Lemma decompose_mem phi : phi \in star_copies_through ->
  ((decompose phi).1 \in setX y_nbrs leaf_sets) &&
  ((decompose phi).2 \in labellings (decompose phi).1).
Proof.
rewrite inE => /and3P [copy /codomP [i xi] /codomP [j yj]].
have inj := star_copy_inj copy.
have ij : i != j by apply: contraNneq x_ne_y => ij; rewrite xi yj ij.
have i_leaf : i != ord0 by apply: (star_copy_nonadjacent_leaf copy ij); rewrite -xi -yj.
have j_leaf : j != ord0.
  have ji : j != i by rewrite eq_sym.
  by apply: (star_copy_nonadjacent_leaf copy ji); rewrite /adjacent orbC -xi -yj.
have leaf_in q : q != ord0 -> phi q \in phi @: [set~ ord0].
  by move=> q0; rewrite imset_f ?in_setC1.
rewrite /= !in_setX; apply/andP; split; apply/andP; split.
- by rewrite inE yj /adjacent !star_copy_arc // star_arc_centre.
- rewrite inE xi yj card_imset // cardsC1 card_ord eqxx andbT; apply/andP; split.
    apply/subsetP => v /imsetP [q]; rewrite in_setC1 => q0 ->.
    by rewrite inE xi /adjacent !star_copy_arc // !star_arc_leaves.
  by apply/subsetP => v; rewrite !inE => /orP [] /eqP ->; apply: leaf_in.
- rewrite inE; apply/andP; split; last first.
    by apply/injectiveP => q q'; rewrite !ffunE => /inj /lift_inj /lshift_inj.
  apply/ffun_onP => q.
  rewrite ffunE unfold_in /= star_copy_arc // star_arc_out_leaf andbT.
  by apply: leaf_in; rewrite eq_sym neq_lift.
- rewrite inE; apply/andP; split; last first.
    by apply/injectiveP => q q'; rewrite !ffunE => /inj /lift_inj /rshift_inj.
  apply/ffun_onP => q.
  rewrite ffunE unfold_in /= star_copy_arc // star_arc_in_leaf andbT.
  by apply: leaf_in; rewrite eq_sym neq_lift.
Qed.

Lemma card_labellings_leq a : a.2 \in leaf_sets -> #|labellings a| <= k`! * l`!.
Proof.
rewrite inE => /and3P [_ _ /eqP card_S].
rewrite /labellings cardsX !card_inj_ffuns_on !card_ord; apply: ffact_pair_leq.
by rewrite card_slots.
Qed.

(* Counting the decompositions fibrewise over (centre, leaf set). *)
Lemma card_star_copies_leq :
  #|star_copies_through| <= #|y_nbrs| * #|leaf_sets| * (k`! * l`!).
Proof.
rewrite -(card_imset _ decompose_inj) -cardsX -sum_nat_const.
apply: (leq_trans (_ : _ <= \sum_(a in setX y_nbrs leaf_sets) #|labellings a|)).
  rewrite -card_dep_pairs; apply/subset_leq_card/subsetP => t /imsetP [phi phi_in ->].
  by rewrite inE; apply: decompose_mem.
apply: leq_sum => -[c S]; rewrite in_setX => /andP [_ S_leaf].
exact: (card_labellings_leq (a := (c, S))).
Qed.

Hypothesis arc_irrefl : irreflexive arc.

(* Without loops, x is a non-neighbour of itself, and y is one by assumption. *)
Lemma pair_sub_x_nonnbrs : [set x; y] \subset x_nonnbrs.
Proof.
apply/subsetP => v; rewrite !inE => /orP [] /eqP ->.
  by rewrite /adjacent arc_irrefl.
by rewrite /adjacent orbC.
Qed.

Lemma card_leaf_sets_leq : #|leaf_sets| <= 'C(#|x_nonnbrs| - 2, k + l - 2).
Proof.
apply: leq_trans (card_supersets_leq x_nonnbrs [set x; y] (k + l)) _.
by rewrite cardsD (setIidPr pair_sub_x_nonnbrs) cards2 x_ne_y.
Qed.

Lemma card_star_copies_through_leq :
  #|star_copies_through| <=
    #|y_nbrs| * 'C(#|x_nonnbrs| - 2, k + l - 2) * (k`! * l`!).
Proof.
apply: (leq_trans card_star_copies_leq).
by rewrite leq_mul2r leq_mul2l card_leaf_sets_leq !orbT.
Qed.

End StarCopies.

Lemma fact_sub2 m : 2 <= m -> m`! = m * (m - 1) * (m - 2)`!.
Proof. by case: m => [|[|m]] // _; rewrite !factS !subSS !subn0 mulnA. Qed.

Lemma star_ratio_nat k l n N ny a b : 3 <= k + l -> 2 <= N -> N.*2 <= n ->
  a <= ny * 'C(N - 2, k + l - 2) * (k`! * l`!) ->
  (k + l).+1 * (k + l) * (n - 2) ^ (k + l - 1) <= b ->
  a * ((k + l).+1 * 'C(k + l, k) * n ^ (k + l - 1))
    <= (k + l - 1) * ny * N ^ (k + l - 2) * b.
Proof.
set M := k + l => M_ge3 N_ge2 n_ge2N a_le b_ge.
have fac : 'C(M, k) * (k`! * l`!) = M * (M - 1) * (M - 2)`!.
  have := bin_fact (leq_addr l k); rewrite addKn => ->.
  by rewrite fact_sub2 // ltnW.
have bin : 'C(N - 2, M - 2) * (M - 2)`! <= (N - 2) ^ (M - 2).
  by rewrite bin_ffact ffact_leq_expn.
have ratio : (N - 2) ^ (M - 2) * n ^ (M - 1) <= N ^ (M - 2) * (n - 2) ^ (M - 1).
  have := @ratio_expn_shift N n (M - 2) N_ge2 n_ge2N.
  by rewrite (_ : (M - 2).+1 = M - 1); lia.
set c := ny * M.+1 * (M * (M - 1)).
apply: (leq_trans (leq_mul a_le (leqnn _))).
have -> : ny * 'C(N - 2, M - 2) * (k`! * l`!) * (M.+1 * 'C(M, k) * n ^ (M - 1))
    = c * ('C(N - 2, M - 2) * (M - 2)`! * n ^ (M - 1)).
  transitivity (ny * 'C(N - 2, M - 2) * ('C(M, k) * (k`! * l`!)) * M.+1 * n ^ (M - 1)).
    by ring.
  by rewrite fac /c; ring.
apply: (leq_trans (leq_mul (leqnn c) (leq_mul bin (leqnn _)))).
apply: (leq_trans (leq_mul (leqnn c) ratio)).
have -> : c * (N ^ (M - 2) * (n - 2) ^ (M - 1))
    = (M - 1) * ny * N ^ (M - 2) * (M.+1 * M * (n - 2) ^ (M - 1)) by rewrite /c; ring.
by rewrite leq_mul2l b_ge orbT.
Qed.

Local Open Scope ring_scope.

Lemma ler_nat_ratio (R : realFieldType) (a b c d : nat) : (0 < b)%N -> (0 < d)%N ->
  (a * d <= c * b)%N -> a%:R / b%:R <= c%:R / d%:R :> R.
Proof.
move=> b_gt0 d_gt0 cross.
by rewrite ler_pdivrMr ?ltr0n // mulrAC ler_pdivlMr ?ltr0n // -!natrM ler_nat.
Qed.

————

Work to be completed: Write the lines again exactly, from the first line of the material above to the line that includes "by move=> q0; rewrite imset_f ?in_setC1.", both included. Leave out all the rest.

Answer box:
Lemma decompose_mem phi : phi \in star_copies_through ->
  ((decompose phi).1 \in setX y_nbrs leaf_sets) &&
  ((decompose phi).2 \in labellings (decompose phi).1).
Proof.
rewrite inE => /and3P [copy /codomP [i xi] /codomP [j yj]].
have inj := star_copy_inj copy.
have ij : i != j by apply: contraNneq x_ne_y => ij; rewrite xi yj ij.
have i_leaf : i != ord0 by apply: (star_copy_nonadjacent_leaf copy ij); rewrite -xi -yj.
have j_leaf : j != ord0.
  have ji : j != i by rewrite eq_sym.
  by apply: (star_copy_nonadjacent_leaf copy ji); rewrite /adjacent orbC -xi -yj.
have leaf_in q : q != ord0 -> phi q \in phi @: [set~ ord0].
  by move=> q0; rewrite imset_f ?in_setC1.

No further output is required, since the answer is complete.